Lemma slot_vote_inv t Sp (S0 : mset n Tx Hash) txs (s0 s8 : lstate) O V :
  (forall b, S0 (SVote i b) -> V b) ->
  slot f Delta H hlam i t Sp S0 txs s0 O s8 -> vote_inv V s0 ->
  vote_inv (fun b => V b \/ votes_in i O b) s8.
Proof.
move=> own_old [O1 [O2 [O3 [O4 [O5 [O7 [O8 [s4 [s5 [s6 [s7]]]]]]]]]]] /=.
move=> [h1 [h2 [h3 [h4 [h5 [h6 [h7 [h8 ->]]]]]]]] inv0.
have inv4 := step4_vote_inv h4 inv0.
have inv6 := vote_inv_mono (step6_lock_mono h6) (vote_inv_mono (step5_lock_mono h5) inv4).
have inv8 := vote_inv_mono (step8_lock_mono h8) (step7_vote_inv h7 inv6).
apply: vote_inv_sub inv8 => b [Vb | ]; first by left; left.
case/votes_in_unionPk => [/(step1_no_votes h1) [] |].
case/votes_in_unionPk => [/(step2_votes h1 h2) /own_old Vb | ]; first by left; left.
case/votes_in_unionPk => [/(step3_no_votes h3) [] |].
case/votes_in_unionPk => [O4b | ]; first by left; right.
case/votes_in_unionPk => [/(step5_no_votes h5) [] |].
case/votes_in_unionPk => [O7b | /(step8_no_votes h8) []]; by right.
Qed.

End Steps.

End VoteLocks.

Section Execution.

Variables (n f Delta : nat) (Tx Hash : Type).
Variables (H : block Tx Hash -> Hash) (hlam : Hash) (E : exec n Tx Hash).
Hypothesis exec_E : is_exec f Delta H hlam E.
Variable i : 'I_n.
Hypothesis correct_i : i \in Corr E.

Definition voted (t : nat) (b : block Tx Hash) : Prop := ownBefore E i t (SVote i b).

Lemma voted_succ t b : voted t.+1 b -> voted t b \/ votes_in i (outs E i t) b.
Proof.
case=> t' [m [+ out inm]]; rewrite ltnS leq_eqVlt => /orP [/eqP eq_t | lt_t].
- by right; exists m; rewrite -eq_t.
- by left; exists t', m.
Qed.

(* A vote signed by i and received from the network was emitted by i before
   it was sent, hence strictly before it was delivered. *)
Lemma Sstart_own_vote t b : Sstart E i t (SVote i b) -> voted t b.
Proof.
have [_ [_ [_ [_ [sync [unforgeable _]]]]]] := exec_E.
case=> [[p [ts [m [sent delivered inm]]]] | //].
have [te [me [le_te out inme]]] := unforgeable _ _ _ _ _ _ sent inm erefl correct_i.
have /andP [lt_ts _] := sync _ _ _ _ sent.
by exists te, me; split=> //; lia.
Qed.

Lemma voted_vote_inv t : vote_inv (voted t) (st E i t).
Proof.
have [_ [_ [slots _]]] := exec_E.
elim: t => [| t IH]; first by split=> [b | b1 b2] [t' [m [] //]].
apply: vote_inv_sub (slot_vote_inv (@Sstart_own_vote t) (slots i t correct_i) IH).
exact: voted_succ.
Qed.

End Execution.

Theorem lemma1 (n f Delta : nat) (Tx Hash : Type) (H : block Tx Hash -> Hash) (hlam : Hash)
  (E : exec n Tx Hash) :
  5 * f + 1 <= n ->
  is_exec f Delta H hlam E ->
  forall i, i \in Corr E ->
  forall (v : nat), 1 <= v ->
  forall b1 b2 : block Tx Hash, bview b1 = v -> bview b2 = v ->
  (exists t, outs E i t [:: SVote i b1]) ->
  (exists t, outs E i t [:: SVote i b2]) ->
  b1 = b2.
Proof.
move=> _ exec_E i correct_i v _ b1 b2 view_b1 view_b2 [t1 out1] [t2 out2].
have [_ uniq] := voted_vote_inv exec_E correct_i (maxn t1 t2).+1.
have voted_at t b : t <= maxn t1 t2 -> outs E i t [:: SVote i b] ->
    voted E i (maxn t1 t2).+1 b.
  by move=> le_t out; exists t, [:: SVote i b]; split=> //; left.
apply: uniq; last by rewrite view_b1 view_b2.
- by apply: voted_at out1; rewrite leq_maxl.
- by apply: voted_at out2; rewrite leq_maxr.
Qed.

• **AIM OF THE EXERCISE**
Beginning at the line that contains "move=> _ exec_E", give again every line down to the end of the material, exactly as written, and stop there.

• **THE ANSWER**
move=> _ exec_E i correct_i v _ b1 b2 view_b1 view_b2 [t1 out1] [t2 out2].
have [_ uniq] := voted_vote_inv exec_E correct_i (maxn t1 t2).+1.
have voted_at t b : t <= maxn t1 t2 -> outs E i t [:: SVote i b] ->
    voted E i (maxn t1 t2).+1 b.
  by move=> le_t out; exists t, [:: SVote i b]; split=> //; left.
apply: uniq; last by rewrite view_b1 view_b2.
- by apply: voted_at out1; rewrite leq_maxl.
- by apply: voted_at out2; rewrite leq_maxr.
Qed.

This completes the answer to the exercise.